Legal treatises in the nineteenth century treated the presumption of coercion as fairly rigid, especially in the early nineteenth century. Commentators considered a married couple to be one unit legally, and assumed wives committed their criminal acts at the behest of their husbands. Husbands were held responsible for both the civil torts and the crimes their wives committed. Treatises in the late 1800s, however, began to state that the presumption of coercion was rebuttable.
Most of the Massachusetts presumption of coercion cases involved the sale of illegal liquor. Some also involved prostitution. One case each involving allegations of treason, larceny, and keeping a disorderly house reached the Massachusetts Supreme Court. The court treated the presumption of coercion doctrine inconsistently. Wives were acquitted for treason and larceny. They were, however, found guilty in nine of ten liquor cases and for keeping houses of prostitution as well as running a disorderly house.. In several of these cases, the husband's presence in another room did not trigger the presumption of coercion. His actual physical presence or proximity was important in determining the wife's culpability. Late in the nineteenth century, husbands were tried for their wives' sale of liquor; in these cases five of six husbands were convicted under the presumption of coercion. Courts manipulated the presumption of coercion to gain convictions, denying it if a wife was on trial but applying it if a husband was.

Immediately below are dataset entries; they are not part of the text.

Lemma divdiff3_in_cone :
  (forall s, x0 <= s <= x3 -> [/\ derivable f s 1, derivable (derive1 f) s 1,
                                 derivable (derive1n 2 f) s 1 & P (derive1n 3 f s)]) ->
  P (divdiff3 f x0 x1 x2 x3).
Proof.
move=> hf; move: x01 x12 x23 => *.
have kernel3 s : 0 <= peano_kernel c3 s.
  rewrite /peano_kernel big_cons big_nil addr0 mulr_ge0 ?sqr_ge0 ?divr_ge0 //.
  exact/ltW/dd_weight_last_gt0.
have kernel1 s : 0 <= peano_kernel c1 s.
  have := peano_kernel_full s; rewrite /peano_kernel big_cons /= addrC => /eqP.
  rewrite addr_eq0 => /eqP ->; rewrite oppr_ge0 mulr_le0_ge0 ?sqr_ge0 // pmulr_lle0 ?invr_gt0 //.
  exact/ltW/dd_weight_first_lt0.
have kernel2 s : x1 <= s <= x2 -> 0 <= peano_kernel c2 s.
  have kernel2E u : peano_kernel c2 u = W2 / 2 * (x2 - u) ^+ 2 + W3 / 2 * (x3 - u) ^+ 2.
    by rewrite /peano_kernel !big_cons big_nil addr0.
  move=> s12; rewrite kernel2E; apply: (concave_quadratic_ge0 _ s12); rewrite -?kernel2E.
  - by rewrite -mulrDl pmulr_lle0 ?invr_gt0 // dd_weight_last_two_le0.
  - by have := kernel1 x1; rewrite /c1 peano_kernel_cons_at.
  - by rewrite /c2 peano_kernel_cons_at.
have increment c a b : (forall s, a <= s <= b -> 0 <= peano_kernel c s) ->
    x0 <= a -> a < b -> b <= x3 -> P (taylor2_comb f c b - taylor2_comb f c a).
  move=> kernel_ge0 x0a ab bx3; apply: (taylor2_comb_increment P0 PD PZ Pcl (ltW ab)) => //.
  by move=> s /andP[? ?]; apply: hf; apply/andP; split; lra.
rewrite divdiff3_telescope; apply: PD; first apply: PD.
- by apply: (increment _ _ _ (fun s _ => kernel3 s)); lra.
- by apply: (increment _ _ _ kernel2); lra.
- by apply: (increment _ _ _ (fun s _ => kernel1 s)); lra.
Qed.

End DivdiffCone.

Section EquispacedLimit.
Variables (R : realType) (E : normedModType R).

Lemma norm_le_pow_of_derive (g dg : R -> E) (t rho e : R) (n : nat) :
  0 <= e -> g t = 0 ->
  (forall s, t <= s <= t + rho -> is_derive s 1 g (dg s)) ->
  (forall y, 0 <= y <= rho -> `|dg (t + y)| <= e * y ^+ n) ->
  forall y, 0 <= y <= rho -> `|g (t + y)| <= e * y ^+ n.+1.
Proof.
move=> e0 gt0 gd dgb y /andP[y0 yrho].
have := @norm_mean_value R E g dg t (t + y) (e * y ^+ n).
rewrite gt0 subr0 addrAC subrr add0r -mulrA -exprSr; apply; first by rewrite lerDl.
  by move=> s /andP[ts sy]; apply: gd; rewrite ts (le_trans sy) // lerD2l.
move=> s /andP[ts sy]; rewrite -(subrKC t s).
apply: le_trans (dgb _ _) _; first by rewrite subr_ge0 ts /=; lra.
by rewrite ler_wpM2l // lerXn2r ?nnegrE ?subr_ge0 //; lra.
Qed.

Lemma norm_divdiff3_equispaced (g : R -> E) (t h e : R) : 0 < h -> g t = 0 ->
  (forall y, 0 < y <= 3 * h -> `|g (t + y)| <= e * y ^+ 3) ->
  `|divdiff3 g t (t + h) (t + 2 * h) (t + 3 * h)| <= 9 * e.
Proof.
move=> h0 gt0 gb; rewrite divdiff3E gt0 scaler0 add0r.
have -> : dd_weight (t + h) t (t + 2 * h) (t + 3 * h) = (2 * h ^+ 3)^-1.
  by rewrite /dd_weight; field; neq_by_lra.
have -> : dd_weight (t + 2 * h) t (t + h) (t + 3 * h) = - (2 * h ^+ 3)^-1.
  by rewrite /dd_weight; field; neq_by_lra.
have -> : dd_weight (t + 3 * h) t (t + h) (t + 2 * h) = (6 * h ^+ 3)^-1.
  by rewrite /dd_weight; field; neq_by_lra.
apply: le_trans (ler_normD _ _) _; apply: le_trans (lerD (ler_normD _ _) (lexx _)) _.
rewrite !normrZ normrN !gtr0_norm ?invr_gt0 ?mulr_gt0 ?exprn_gt0 //.
have -> : 9 * e = (2 * h ^+ 3)^-1 * (e * h ^+ 3) + (2 * h ^+ 3)^-1 * (e * (2 * h) ^+ 3)
                  + (6 * h ^+ 3)^-1 * (e * (3 * h) ^+ 3).
  by field; neq_by_lra.
by do 2 ?apply: lerD; rewrite ler_pM2l ?invr_gt0 ?mulr_gt0 ?exprn_gt0 //; apply: gb; lra.
Qed.

Lemma taylor3_right_remainder (f : R -> E) (t r : R) : 0 < r ->
  (forall s, t <= s <= t + r -> [/\ derivable f s 1, derivable (derive1 f) s 1
                                  & derivable (derive1n 2 f) s 1]) ->
  forall e, 0 < e -> exists2 rho, 0 < rho & forall y, 0 <= y <= rho ->
    `|f (t + y) - cubic t (f t) (derive1 f t) (2^-1 *: derive1n 2 f t)
                    (6^-1 *: derive1n 3 f t) (t + y)| <= e * y ^+ 3.
Proof.
move=> r0 hf e e0.
set f1 := derive1 f; set f2 := derive1n 2 f; set f3 := derive1n 3 f.
have der s : t <= s <= t + r ->
    [/\ is_derive s 1 f (f1 s), is_derive s 1 f1 (f2 s) & is_derive s 1 f2 (f3 s)].
  by move=> /hf[d0 d1 d2]; split; exact: is_derive1.
pose rem1 s := f2 s - cubic t (f2 t) (f3 t) 0 0 s.
pose rem2 s := f1 s - cubic t (f1 t) (f2 t) (2^-1 *: f3 t) 0 s.
pose rem3 s := f s - cubic t (f t) (f1 t) (2^-1 *: f2 t) (6^-1 *: f3 t) s.
have rem3_derive s : t <= s <= t + r -> is_derive s 1 rem3 (rem2 s).
  move=> /der[d0 _ _]; apply: is_derive_eq (is_deriveB d0 (is_derive_cubic _ _ _ _ _ s)) _.
  by rewrite /rem2 !scalerA mulfV ?pnatr_eq0 // scale1r (_ : 3 * 6^-1 = 2^-1 :> R) //; field.
have rem2_derive s : t <= s <= t + r -> is_derive s 1 rem2 (rem1 s).
  move=> /der[_ d1 _]; apply: is_derive_eq (is_deriveB d1 (is_derive_cubic _ _ _ _ _ s)) _.
  by rewrite /rem1 scalerA mulfV ?pnatr_eq0 // scale1r scaler0.
have [|_ _ d2t] := der t; first by rewrite lexx lerDl ltW.
have [del del0 approx] := is_derive_right_approx d2t e0.
pose rho := Num.min (del / 2) r.
have rho_del : rho < del by rewrite gt_min ltr_pdivrMr // ltr_pMr // ltr1n.
have to_r s : t <= s <= t + rho -> t <= s <= t + r.
  by move=> /andP[ts srho]; rewrite ts (le_trans srho) // lerD2l ge_min lexx orbT.
have rem1_bound y : 0 <= y <= rho -> `|rem1 (t + y)| <= e * y ^+ 1.
  move=> /andP[y0 yrho]; have [->|yn0] := eqVneq y 0.
    by rewrite addr0 /rem1 cubic_at subrr normr0 expr1 mulr0.
  have := approx y; rewrite lt_neqAle eq_sym yn0 y0 (le_lt_trans yrho rho_del) => /(_ isT).
  by rewrite /rem1 /cubic [t + y - t]addrAC subrr add0r !scaler0 !addr0 opprD addrA expr1.
have rem2_t : rem2 t = 0 by rewrite /rem2 cubic_at subrr.
have rem2_bound := norm_le_pow_of_derive (ltW e0) rem2_t
  (fun s hs => rem2_derive s (to_r s hs)) rem1_bound.
exists rho; first by rewrite lt_min r0 divr_gt0.
apply: (norm_le_pow_of_derive (g := rem3)) (ltW e0) _ _ rem2_bound.
  by rewrite /rem3 cubic_at subrr.
by move=> s /to_r; exact: rem3_derive.
Qed.

Lemma divdiff3_equispaced_cvg (f : R -> E) (t r : R) : 0 < r ->
  (forall s, t <= s <= t + r -> [/\ derivable f s 1, derivable (derive1 f) s 1
                                  & derivable (derive1n 2 f) s 1]) ->
  (fun h => divdiff3 f t (t + h) (t + 2 * h) (t + 3 * h)) @ 0^'+ -->
    6^-1 *: derive1n 3 f t.
Proof.
move=> r0 hf; apply/cvgrPdist_le => eta eta0.
have e0 : 0 < eta / 9 by rewrite divr_gt0.
have [rho rho0 rem_bound] := taylor3_right_remainder r0 hf e0.
set T := cubic t _ _ _ _ in rem_bound.
near=> h.
have h0 : 0 < h by near: h; exact: nbhs_right_gt.
have h_rho : 3 * h <= rho.
  suff : h < rho / 3 by lra.
  by near: h; apply: nbhs_right_lt; rewrite divr_gt0.
have divdiff3_rem : divdiff3 (fun s => f s - T s) t (t + h) (t + 2 * h) (t + 3 * h) =
    divdiff3 f t (t + h) (t + 2 * h) (t + 3 * h) - 6^-1 *: derive1n 3 f t.
  by rewrite divdiff3B divdiff3_cubic //; lra.
have -> : eta = 9 * (eta / 9) by rewrite mulrC divfK // pnatr_eq0.
rewrite distrC -divdiff3_rem.
apply: norm_divdiff3_equispaced => // [|y /andP[y0 yh]]; first by rewrite /T cubic_at subrr.
by apply: rem_bound; rewrite ltW //=; lra.
Unshelve. all: by end_near.
Qed.

End EquispacedLimit.

Section OuterNodesLimit.
Variables (R : realType) (E : normedModType R).

Lemma cvg_dd_weight (F : set_system R) {FF : ProperFilter F} (a b c d : R -> R)
    (la lb lc ld : R) :
  a @ F --> la -> b @ F --> lb -> c @ F --> lc -> d @ F --> ld ->
  (la - lb) * (la - lc) * (la - ld) != 0 ->
  (fun z => dd_weight (a z) (b z) (c z) (d z)) @ F --> dd_weight la lb lc ld.
Proof.
move=> ca cb cc cd nz; apply: cvgV => //.
by apply: cvgM; [apply: cvgM|]; apply: cvgB.
Qed.

Lemma cvg_divdiff3_outer (f : R -> E) (F : set_system R) {FF : ProperFilter F}
    (u v : R -> R) (lu lv x1 x2 : R) :
  u @ F --> lu -> v @ F --> lv ->
  f \o u @ F --> f lu -> f \o v @ F --> f lv ->
  lu < x1 -> x1 < x2 -> x2 < lv ->
  (fun z => divdiff3 f (u z) x1 x2 (v z)) @ F --> divdiff3 f lu x1 x2 lv.
Proof.
move=> cu cv cfu cfv *; rewrite divdiff3E; under eq_fun do rewrite divdiff3E.
have cx1 : (fun=> x1) @ F --> x1 by exact: cvg_cst.
have cx2 : (fun=> x2) @ F --> x2 by exact: cvg_cst.
apply: cvgD; [apply: cvgD; [apply: cvgD|]|]; apply: cvgZ;
  try by [exact: cfu | exact: cfv | exact: cvg_cst].
all: by apply: cvg_dd_weight => //; rewrite !mulf_neq0 //; neq_by_lra.
Qed.

End OuterNodesLimit.

Section IntervalInterior.
Variable R : realType.

Lemma interior_between (I : set R) (x y z : R) : is_interval I -> I x -> I z ->
  x < y -> y < z -> interior I y.
Proof.
move=> iI Ix Iz xy yz; rewrite /interior /=.
near=> w; apply: (iI x z) => //; apply/andP; split; apply: ltW; near: w.
  exact: lt_nbhsr.
exact: lt_nbhsl.
Unshelve. all: by end_near.
Qed.

Lemma interior_right_segment (I : set R) (t : R) : is_interval I -> interior I t ->
  exists2 r, 0 < r & forall s, t <= s <= t + r -> interior I s.
Proof.
move=> iI /nbhs_ballP[r /= r0 ballI].
have I_near y : `|y| < r -> I (t + y).
  by move=> yr; apply: ballI; rewrite -ball_normE /ball_ /= opprD addNKr normrN.
have Il : I (t + - (r / 2)) by apply: I_near; rewrite normrN gtr0_norm ?divr_gt0 //; lra.
have Ir : I (t + r / 2) by apply: I_near; rewrite gtr0_norm ?divr_gt0 //; lra.
exists (r / 4); first by rewrite divr_gt0.
by move=> s /andP[ts sr]; apply: (interior_between iI Il Ir); lra.
Qed.

End IntervalInterior.

Section ThreeConvexity.
Variables (R : realType) (E : normedModType R) (P : set E) (I : set R) (f : R -> E).
Hypothesis P0 : P 0.
Hypothesis PD : forall x y, P x -> P y -> P (x + y).
Hypothesis PZ : forall k x, 0 <= k -> P x -> P (k *: x).
Hypothesis Pcl : closed P.
Hypothesis iI : is_interval I.
Hypothesis df : forall t, interior I t ->
  [/\ derivable f t 1, derivable (derive1 f) t 1 & derivable (derive1n 2 f) t 1].

Lemma three_convex_derive3 :
  three_convex P I f -> forall t, interior I t -> P (derive1n 3 f t).
Proof.
move=> convex t tI; have [r r0 seg] := interior_right_segment iI tI.
have lim := divdiff3_equispaced_cvg r0 (fun s hs => df (seg s hs)).
have P_lim : P (6^-1 *: derive1n 3 f t).
  apply: (closed_cvg _ Pcl _ _ lim); near=> h.
  have h0 : 0 < h by near: h; exact: nbhs_right_gt.
  have hr : 3 * h <= r.
    suff : h < r / 3 by lra.
    by near: h; apply: nbhs_right_lt; rewrite divr_gt0.
  have inI y : 0 <= y <= 3 * h -> I (t + y).
    by move=> /andP[y0 yh]; apply: interior_subset; apply: seg; apply/andP; split; lra.
  by apply: (convex _ _ _ _ (interior_subset tI) (inI h _) (inI (2 * h) _) (inI (3 * h) _));
    first [lra | apply/andP; split; lra].
have -> : derive1n 3 f t = 6 *: (6^-1 *: derive1n 3 f t).
  by rewrite scalerA mulfV ?scale1r // pnatr_eq0.
exact: PZ.
Unshelve. all: by end_near.
Qed.

Hypothesis fc : {within I, continuous f}.

Lemma derive3_three_convex :
  (forall t, interior I t -> P (derive1n 3 f t)) -> three_convex P I f.
Proof.
move=> f3P x0 x1 x2 x3 I0 I1 I2 I3 x01 x12 x23.
have segI a b : I a -> I b -> `[a, b] `<=` I.
  by move=> Ia Ib z; rewrite /= in_itv /= => /andP[az zb]; apply: (iI Ia Ib); rewrite az zb.
have [_ _ f_left] := (continuous_within_itvP _ x23).1 (continuous_subspaceW (segI _ _ I2 I3) fc).
have [_ f_right _] := (continuous_within_itvP _ x01).1 (continuous_subspaceW (segI _ _ I0 I1) fc).
have inner u v : x0 < u -> u < x1 -> x2 < v -> v < x3 -> P (divdiff3 f u x1 x2 v).
  move=> x0u ux1 x2v vx3; apply: divdiff3_in_cone => // s /andP[us sv].
  have sI : interior I s by apply: (interior_between iI I0 I3); lra.
  by have [? ? ?] := df sI; split => //; exact: f3P.
have left_step u : x0 < u -> u < x1 -> P (divdiff3 f u x1 x2 x3).
  move=> x0u ux1; apply: (closed_cvg _ Pcl _ _ (cvg_divdiff3_outer (cvg_cst u)
    (cvg_at_left_filter (cvg_id : id @ x3 --> x3)) (cvg_cst _) f_left ux1 x12 x23)).
  by near=> v; apply: inner.
apply: (closed_cvg _ Pcl _ _ (cvg_divdiff3_outer
  (cvg_at_right_filter (cvg_id : id @ x0 --> x0)) (cvg_cst x3) f_right (cvg_cst _) x01 x12 x23)).
by near=> u; apply: left_step.
Unshelve. all: by end_near.
Qed.

End ThreeConvexity.

Lemma ordered_banach_coneP (R : realType) (E : completeNormedModType R) (P : set E) :
  ordered_banach_cone P ->
  [/\ closed P, P 0, (forall x y, P x -> P y -> P (x + y))
    & (forall k x, 0 <= k -> P x -> P (k *: x))].
Proof.
case=> Pcl Pcone Pgen _ _; split=> // [|x y Px Py|k x k0 Px].
- have [x [y [Px _ _]]] := Pgen 0.
  by have := Pcone 0 0 x x (lexx 0) (lexx 0) Px Px; rewrite !scale0r addr0.
- by have := Pcone 1 1 x y ler01 ler01 Px Py; rewrite !scale1r.
- by have := Pcone k 0 x x k0 (lexx 0) Px Px; rewrite scale0r addr0.
Qed.

Theorem theorem10 (R : realType) (E : completeNormedModType R) (P : set E)
  (I : set R) (f : R -> E) :
  ordered_banach_cone P ->
  is_interval I ->
  {within I, continuous f} ->
  (forall t, interior I t ->
     [/\ derivable f t 1, derivable (derive1n 1 f) t 1
       & derivable (derive1n 2 f) t 1]) ->
  (three_convex P I f <-> forall t, interior I t -> P (derive1n 3 f t)).
Proof.
move=> /ordered_banach_coneP[Pcl P0 PD PZ] iI fc df.
split; first exact: three_convex_derive3.
exact: derive3_three_convex.
Qed.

Several social factors influenced the courts' attitude toward the presumption of coercion. The feminist movement opposed it because it denied women free will. Women's moral conduct became increasingly important; they were expected to set examples for their families, and thus were more likely to be held responsible for activities considered immoral, such as selling liquor or running a brothel. The emergence of the temperance movement encouraged the prosecution of illegal liquor distributors. With the industrial revolution, more women worked outside the home. Working fostered in women the belief that their work was compensable and made them both more aware of their individual rights and responsibilities and less financially dependent on their husbands. Married women's property acts were passed in the 1840s, recognizing that married women had separate legal identities. If wives were separate from their husbands in terms of property law, they could also be separate entities in criminal cases. As a result, ownership of a building in which liquor was sold was often a factor in determining guilt. Increasing education for women led to increasing awareness and involvement in social institutions, including the legal system, and decreasing dependence on their husbands for knowledge. These factors combined to form a view of married women as separate entities from their husbands, making the presumption of coercion easier to manipulate.